(Data for processing Opens)

Lemma io_trajectory_output_unique (R : realType) nx nu ny (A : 'M[R]_nx) (B : 'M[R]_(nx, nu))
    (Cm : 'M[R]_(ny, nx)) (D : 'M[R]_(ny, nu)) L0 L u y u' y' :
  (nx <= L0)%N -> (L0 <= L)%N ->
  io_trajectory A B Cm D L u y -> io_trajectory A B Cm D L u' y' ->
  (forall k, (k < L)%N -> u k = u' k) -> (forall k, (k < L0)%N -> y k = y' k) ->
  forall k, (k < L)%N -> y k = y' k.
Proof.
move=> le_nxL0 le_L0L [x [x_next y_out]] [x' [x'_next y'_out]] eq_u eq_y.
pose d k := x k - x' k.
have d_pow k : (k < L)%N -> d k = A ^+ k *m d 0.
  elim: k => [|k IH] ltkL; first by rewrite expr0 mul1mx.
  rewrite /d x_next // x'_next // eq_u ?(ltnW ltkL) // opprD addrACA subrr addr0.
  by rewrite -mulmxBr -/(d k) IH ?(ltnW ltkL) // mulmxA -[A *m _]/(A * _) -exprS.
have y_diff k : (k < L)%N -> y k - y' k = Cm *m A ^+ k *m d 0.
  move=> ltkL; rewrite y_out // y'_out // eq_u // opprD addrACA subrr addr0.
  by rewrite -mulmxBr -/(d k) d_pow // mulmxA.
have unobs_d0 := @unobservable_all_powers _ _ _ A Cm (d 0).
move=> k ltkL; apply/eqP; rewrite -subr_eq0 y_diff // unobs_d0 // => j ltj.
have ltjL0 := leq_trans ltj le_nxL0.
by rewrite -y_diff ?(leq_trans ltjL0) // eq_y // subrr.
Qed.

Section FrequencySamples.
Variables (R : realType) (Q M : nat) (w : 'I_M -> R).
Local Notation C := R[i].
Local Notation Re := (@complex.Re R).
Local Notation Im := (@complex.Im R).

Lemma col_FL L n (V : 'I_M -> 'cV[C]_n) m :
  col m (FL L V w) = stack L (fun l => expj (w m) ^+ l *: V m) 0.
Proof.
apply/colP => r; case/mxvec_indexP: r => l p.
by rewrite stackE !mxE mxvecE !mxE add0n.
Qed.

Lemma mulmx_FL L n (V : 'I_M -> 'cV[C]_n) (c : 'cV[C]_M) :
  FL L V w *m c = stack L (fun k => \sum_m (c m 0 * expj (w m) ^+ k) *: V m) 0.
Proof.
apply/colP => r; case/mxvec_indexP: r => l p.
rewrite stackE !mxE summxE; apply: eq_bigr => m _.
by rewrite !mxE mxvecE !mxE add0n; ring.
Qed.

Lemma cmx_mulmx_FL L n (V : 'I_M -> 'cV[C]_n) (v : 'rV[R]_(L * n)) m :
  (cmx v *m FL L V w) 0 m =
  (\sum_(l < L) cmx (block_row v l) *m (expj (w m) ^+ l *: V m)) 0 0.
Proof.
have -> : (cmx v *m FL L V w) 0 m = (cmx v *m col m (FL L V w)) 0 0.
  by rewrite !mxE; apply: eq_bigr => k _; rewrite [col _ _ _ _]mxE.
by rewrite col_FL mulmx_stack; under eq_bigr do rewrite map_block_row.
Qed.

Definition freq_signal n (V : 'I_Q -> 'I_M -> 'cV[C]_n) (c : 'I_Q -> 'cV[C]_M) (k : nat)
  : 'cV[C]_n := \sum_i \sum_m (c i m 0 * expj (w m) ^+ k) *: V i m.

(* The combination of the columns [Re F, Im F] by g = (a; b) is Re (F (a - j b)). *)
Definition gamma_coef (g : 'cV[R]_(\sum_(i < Q) M + \sum_(i < Q) M)) (i : 'I_Q) : 'cV[C]_M :=
  cmx (submxcol (usubmx g) i) - 'i *: cmx (submxcol (dsubmx g) i).

Lemma GammaL_mulmx L n (V : 'I_Q -> 'I_M -> 'cV[C]_n) g :
  GammaL L V w *m g = stack L (fun k => map_mx Re (freq_signal V (gamma_coef g) k)) 0.
Proof.
rewrite -[g in LHS](vsubmxK g) -(submxcolK (usubmx g)) -(submxcolK (dsubmx g)).
rewrite /GammaL mul_row_col !mul_mxrow_mxcol -big_split /=.
under eq_bigr => i _ do rewrite map_ReIm_mulmx mulmx_FL map_stack.
rewrite -stack_sum; apply: eq_stack => k _; rewrite add0n raddf_sum.
by apply: eq_bigr => i _.
Qed.

Lemma mulmx_GammaL L n (V : 'I_Q -> 'I_M -> 'cV[C]_n) (v : 'rV[R]_(L * n)) :
  v *m GammaL L V w = row_mx (\mxrow_i map_mx Re (cmx v *m FL L (V i) w))
                             (\mxrow_i map_mx Im (cmx v *m FL L (V i) w)).
Proof.
rewrite mul_mx_row !mul_mxrow.
by congr row_mx; apply: eq_mxrow => i; rewrite (map_Re_cmxM, map_Im_cmxM).
Qed.

Lemma GammaL_left_kernel L1 L2 n1 n2 (V1 : 'I_Q -> 'I_M -> 'cV[C]_n1)
    (V2 : 'I_Q -> 'I_M -> 'cV[C]_n2) (r1 : 'rV[R]_(L1 * n1)) (r2 : 'rV[R]_(L2 * n2)) :
  r1 *m GammaL L1 V1 w + r2 *m GammaL L2 V2 w = 0 ->
  forall i m, \sum_(l < L1) cmx (block_row r1 l) *m (expj (w m) ^+ l *: V1 i m) +
              \sum_(l < L2) cmx (block_row r2 l) *m (expj (w m) ^+ l *: V2 i m) = 0.
Proof.
rewrite !mulmx_GammaL add_row_mx -!mxrowD => /eqP; rewrite row_mx_eq0.
rewrite -!(mxrow0 (q_ := fun=> M)) => /andP[/eqP/eq_mxrowP ReZ /eqP/eq_mxrowP ImZ] i m.
have Z0 : cmx r1 *m FL L1 (V1 i) w + cmx r2 *m FL L2 (V2 i) w = 0.
  by apply: map_ReIm_eq0; rewrite map_mxD (ReZ i, ImZ i).
apply/rowP => j; rewrite ord1 [LHS]mxE [RHS]mxE.
by have := congr1 (fun Z : 'rV_M => Z 0 m) Z0; rewrite [LHS]mxE [RHS]mxE !cmx_mulmx_FL.
Qed.

Lemma CPE_poly_eq0 L n (V : 'I_Q -> 'I_M -> 'cV[C]_n) : CPE L V w ->
  forall P : 'I_n -> {poly R}, (forall j, (size (P j) <= L)%N) ->
  (forall i m, \sum_j ev (expj (w m)) (P j) * V i m j 0 = 0) -> forall j, P j = 0.
Proof.
move=> CPE_V P le_PL PV0.
pose v : 'rV[R]_(L * n) := mxvec (\matrix_(l < L, j < n) (P j)`_l).
have vP j : \poly_(k < L) block_row v k 0 j = P j.
  apply/polyP => k; rewrite coef_poly; case: ltnP => [ltkL|leLk].
    by rewrite /block_row insubT /= mxvecK !mxE.
  by rewrite nth_default // (leq_trans (le_PL j)).
have FL0 i : cmx v *m FL L (V i) w = 0.
  apply/rowP => m; rewrite cmx_mulmx_FL sum_powers_ev mxE.
  by under eq_bigr do rewrite vP; exact: PV0.
have conj_FL0 i : cmx v *m Defs.conjmx (FL L (V i) w) = 0.
  have -> : cmx v = Defs.conjmx (cmx v) by apply/matrixP => a b; rewrite !mxE conjc_real.
  by rewrite /Defs.conjmx -map_mxM FL0 map_mx0.
have v0 : v = 0.
  apply/eqP; rewrite -(map_mx_eq0 (real_complex R)) -/(cmx v) -(mulmx_free_eq0 _ CPE_V).
  by rewrite mul_mx_row !mul_mxrow (eq_mxrow FL0) (eq_mxrow conj_FL0) !mxrow0 row_mx0.
move=> j; rewrite -vP v0; apply/polyP => k; rewrite coef_poly coef0 /block_row.
by case: ifP => // _; case: insub => [l|]; rewrite ?linear0 ?row0 mxE.
Qed.

Section FrequencyResponse.
Variables (nx nu ny : nat) (A : 'M[R]_nx) (B : 'M[R]_(nx, nu))
  (Cm : 'M[R]_(ny, nx)) (D : 'M[R]_(ny, nu)).
Variables (X : 'I_Q -> 'I_M -> 'cV[C]_nx) (U : 'I_Q -> 'I_M -> 'cV[C]_nu)
  (Y : 'I_Q -> 'I_M -> 'cV[C]_ny).
Hypothesis freq_state : forall i m, expj (w m) *: X i m = cmx A *m X i m + cmx B *m U i m.
Hypothesis freq_output : forall i m, Y i m = cmx Cm *m X i m + cmx D *m U i m.

Lemma freq_signal_io_trajectory N c :
  io_trajectory A B Cm D N (fun k => map_mx Re (freq_signal U c k))
                           (fun k => map_mx Re (freq_signal Y c k)).
Proof.
exists (fun k => map_mx Re (freq_signal X c k)); split => k _; rewrite -!map_Re_cmxM -map_mxD.
  rewrite /freq_signal !mulmx_sumr -big_split; congr map_mx; apply: eq_bigr => i _ /=.
  rewrite !mulmx_sumr -big_split; apply: eq_bigr => m _ /=.
  by rewrite exprSr mulrA -scalerA freq_state scalerDr -!scalemxAr.
rewrite /freq_signal !mulmx_sumr -big_split; congr map_mx; apply: eq_bigr => i _ /=.
rewrite !mulmx_sumr -big_split; apply: eq_bigr => m _ /=.
by rewrite freq_output scalerDr -!scalemxAr.
Qed.

Local Notation resp xi i m := ((cmx xi *m X i m) 0 0).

(Data for processing Closes)

Brief:
Look for the line with "move=> j; rewrite" in the listing above. Print it and each later line exactly, ending with the last line.

Answer for this exercise:
move=> j; rewrite -vP v0; apply/polyP => k; rewrite coef_poly coef0 /block_row.
by case: ifP => // _; case: insub => [l|]; rewrite ?linear0 ?row0 mxE.
Qed.

Section FrequencyResponse.
Variables (nx nu ny : nat) (A : 'M[R]_nx) (B : 'M[R]_(nx, nu))
  (Cm : 'M[R]_(ny, nx)) (D : 'M[R]_(ny, nu)).
Variables (X : 'I_Q -> 'I_M -> 'cV[C]_nx) (U : 'I_Q -> 'I_M -> 'cV[C]_nu)
  (Y : 'I_Q -> 'I_M -> 'cV[C]_ny).
Hypothesis freq_state : forall i m, expj (w m) *: X i m = cmx A *m X i m + cmx B *m U i m.
Hypothesis freq_output : forall i m, Y i m = cmx Cm *m X i m + cmx D *m U i m.

Lemma freq_signal_io_trajectory N c :
  io_trajectory A B Cm D N (fun k => map_mx Re (freq_signal U c k))
                           (fun k => map_mx Re (freq_signal Y c k)).
Proof.
exists (fun k => map_mx Re (freq_signal X c k)); split => k _; rewrite -!map_Re_cmxM -map_mxD.
  rewrite /freq_signal !mulmx_sumr -big_split; congr map_mx; apply: eq_bigr => i _ /=.
  rewrite !mulmx_sumr -big_split; apply: eq_bigr => m _ /=.
  by rewrite exprSr mulrA -scalerA freq_state scalerDr -!scalemxAr.
rewrite /freq_signal !mulmx_sumr -big_split; congr map_mx; apply: eq_bigr => i _ /=.
rewrite !mulmx_sumr -big_split; apply: eq_bigr => m _ /=.
by rewrite freq_output scalerDr -!scalemxAr.
Qed.

Local Notation resp xi i m := ((cmx xi *m X i m) 0 0).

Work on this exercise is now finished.